**WHAT THIS TASK INVOLVES**
Print the data below exactly, but only the lines from the one containing "elim: n => [|n" down to the one containing "apply/lee_addgt0Pr => e e0; rewrite add0e.", inclusive.

**EXERCISE MATERIAL**
(* Write T(n) = n^gamma L(n).  Since Var(S_n) = ∫ K_n dF with the Fejer
   kernel K_n(t) = |sum_{k=1}^n e^{ikt}|^2 <= min(n^2, 36/t^2), a dyadic
   decomposition of [-pi,pi] around a base scale theta gives
     Var(S_n) <= n^2 G(theta) + (annuli where the assumed upper bound on G
                 applies) + (annuli of scale >= d0, each O(F([-pi,pi]))).
   Choosing theta ≍ R0/n with R0 large, the middle term is at most
   C2/4 T(n) (regular variation of T), and the last one is a constant, so
   eventually <= C2/4 T(n).  Together with Var(S_n) >= C2 T(n) this forces
   n^2 G(theta) >= C2/2 T(n), which transfers to every small x by
   monotonicity of G and slow variation of L.

   The comparisons L(y) ≍ L(lam y), uniformly in lam ∈ [1,2], need the
   measurability of L: they come from a Steinhaus-type argument with the
   Lebesgue measure of MathComp-Analysis (first part of the file). *)

(* The measure-theoretic
   argument below only needs to know that such sets are measurable. *)
Inductive lmeas : (R -> Prop) -> Prop :=
| lmeas_base S : lebesgue_measurable_set S -> lmeas S
| lmeas_oc a b : lmeas (fun x => Rlt a x /\ Rle x b)
| lmeas_compl S : lmeas S -> lmeas (fun x => ~ S x)
| lmeas_inter S T : lmeas S -> lmeas T -> lmeas (fun x => S x /\ T x)
| lmeas_cap (S : nat -> R -> Prop) :
    (forall n, lmeas (S n)) -> lmeas (fun x => forall n, S n x).

(* A Steinhaus-type lemma, proved with the Lebesgue outer measure of
   MathComp-Analysis: two sequences of measurable subsets of (1,4] that
   eventually contain every point of (1,4] cannot stay disjoint after a
   dilation of the second one by factors in [1,2]. *)
Module Steinhaus.
From mathcomp Require Import all_boot all_order all_algebra.
From mathcomp Require Import all_classical all_reals all_analysis.
From mathcomp Require Import Rstruct Rstruct_topology.
Import Order.TTheory GRing.Theory Num.Theory.
Local Open Scope classical_set_scope.
Local Open Scope ring_scope.

(* Unfold the ring operations of the real numbers to the Stdlib ones, so
   that [lra]/[nra] apply. *)
Ltac to_stdlib := unfold GRing.natmul in *; simpl in *;
  unfold GRing.add, GRing.mul, GRing.opp, GRing.inv, GRing.one, GRing.zero in *;
  simpl in *.

(* Lebesgue outer measure. *)
Local Notation mo := (mu_ext (@wlength R idfun)).
(* The Caratheodory-measurable sets of [mo] (the Lebesgue sigma-algebra). *)
Local Notation CT := (caratheodory_type mo).

Lemma scale_ocitv (c : R) (F : set (ocitv_type R)) : 0 < c ->
  (@measurable _ (ocitv_type R)) F ->
  (@measurable _ (ocitv_type R)) [set x | F (x * c)] /\
  wlength idfun [set x | F (x * c)] = ((c^-1)%:E * wlength idfun F)%E.
Proof.
move=> c0 /ocitvP[->|[[a b]] /= ab ->].
  have -> : [set x : R | (set0 : set R) (x * c)] = set0 by apply/seteqP; split.
  by rewrite wlength0 mule0; split => //; exact: ocitv0.
have -> : [set x : R | `]a, b]%classic (x * c)] = `]a / c, b / c]%classic.
  apply/seteqP; split => x /=; rewrite !in_itv /=.
  by rewrite (ltr_pdivrMr _ _ c0) (ler_pdivlMr _ _ c0).
  by rewrite (ltr_pdivrMr _ _ c0) (ler_pdivlMr _ _ c0).
split; first exact: is_ocitv.
rewrite !wlength_itv_bnd /=; [|exact: ltW|].
  by rewrite -EFinM mulrBr !(mulrC c^-1).
by rewrite ler_pM2r ?invr_gt0 // ltW.
Qed.

Lemma mo_scale (c : R) (S : set R) : 0 < c ->
  ((c%:E * mo [set x : R | S (x * c)%R]) <= mo S)%E.
Proof.
move=> c0; rewrite {2}/mu_ext; apply: le_ereal_inf_tmp => _ [F [mF SF] <-].
pose G k := [set x | F k (x * c)].
have mG k : (@measurable _ (ocitv_type R)) (G k) by case: (@scale_ocitv c _ c0 (mF k)).
have wG k : wlength idfun (G k) = ((c^-1)%:E * wlength idfun (F k))%E.
  by case: (@scale_ocitv c _ c0 (mF k)).
have h : (mo [set x : R | S (x * c)%R] <= \sum_(k <oo) wlength idfun (G k))%E.
  apply: ereal_inf_lbound; exists G => //; split => // x /= Sx.
  by have [k _ Fk] := SF _ Sx; exists k.
move: h; rewrite (eq_eseriesr (fun k _ => wG k)) nneseriesZl; last first.
  by move=> i _; apply: wlength_ge0.
move=> h; rewrite -(@lee_pmul2l _ (c^-1)%:E) ?lte_fin ?invr_gt0 //.
  by rewrite muleA -EFinM mulVf ?gt_eqF // mul1e.
Qed.

Lemma bigsum_sum_f_R0 (u : nat -> R) n : \sum_(0 <= k < n.+1) u k = sum_f_R0 u n.
Proof.
elim: n => [|n IH]; first by rewrite big_nat1.
by rewrite big_nat_recr //= IH.
Qed.

Lemma null_mo (N : set R) : lebesgue_null N -> mo N = 0%E.
Proof.
move=> hN; apply/eqP; rewrite eq_le mu_ext_ge0 ?andbT; last first.
  by move=> ?; exact: wlength_ge0.
apply/lee_addgt0Pr => e e0; rewrite add0e.
have /hN [a [b [ab [hs cov]]]] : Rlt 0 e by apply/RltP.
rewrite measurable_realfun.outer_measure_open_itv_cover.
pose F k := `]a k, b k[%classic : set R.
have le1 : (\sum_(k <oo) wlength idfun (F k) <= e%:E)%E.
  apply: lime_le; first exact: is_cvg_nneseries.
  apply: nearW => n; case: n => [|n]; first by rewrite big_geq // lee_fin ltW.
  rewrite (eq_bigr (fun k => (b k - a k)%:E)); last first.
    by move=> k _; rewrite /F wlength_itv_bnd //; apply/RleP.
  by rewrite sumEFin lee_fin bigsum_sum_f_R0; apply/RleP.
apply: le_trans le1; apply: ereal_inf_lbound; exists F => //; split.
  by move=> k; exists (a k, b k).
move=> x Nx; have [k hk] := cov x Nx; exists k => //.
by rewrite /F /= in_itv /=; apply/andP; split; apply/RltP; case: hk.
Qed.

Lemma null_cara (N : set R) : mo N = 0%E -> (@measurable _ CT N).
Proof.
move=> N0; apply: le_caratheodory_measurable => X /=.
have -> : mo (X `&` N) = 0%E.
  apply/eqP; rewrite eq_le mu_ext_ge0 ?andbT; last by move=> ?; exact: wlength_ge0.
  by rewrite -N0; apply: le_mu_ext; apply: subIsetr.
by rewrite add0e; apply: le_mu_ext; apply: subIsetl.
Qed.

**SOLUTION BELOW**
elim: n => [|n IH]; first by rewrite big_nat1.
by rewrite big_nat_recr //= IH.
Qed.

Lemma null_mo (N : set R) : lebesgue_null N -> mo N = 0%E.
Proof.
move=> hN; apply/eqP; rewrite eq_le mu_ext_ge0 ?andbT; last first.
  by move=> ?; exact: wlength_ge0.
apply/lee_addgt0Pr => e e0; rewrite add0e.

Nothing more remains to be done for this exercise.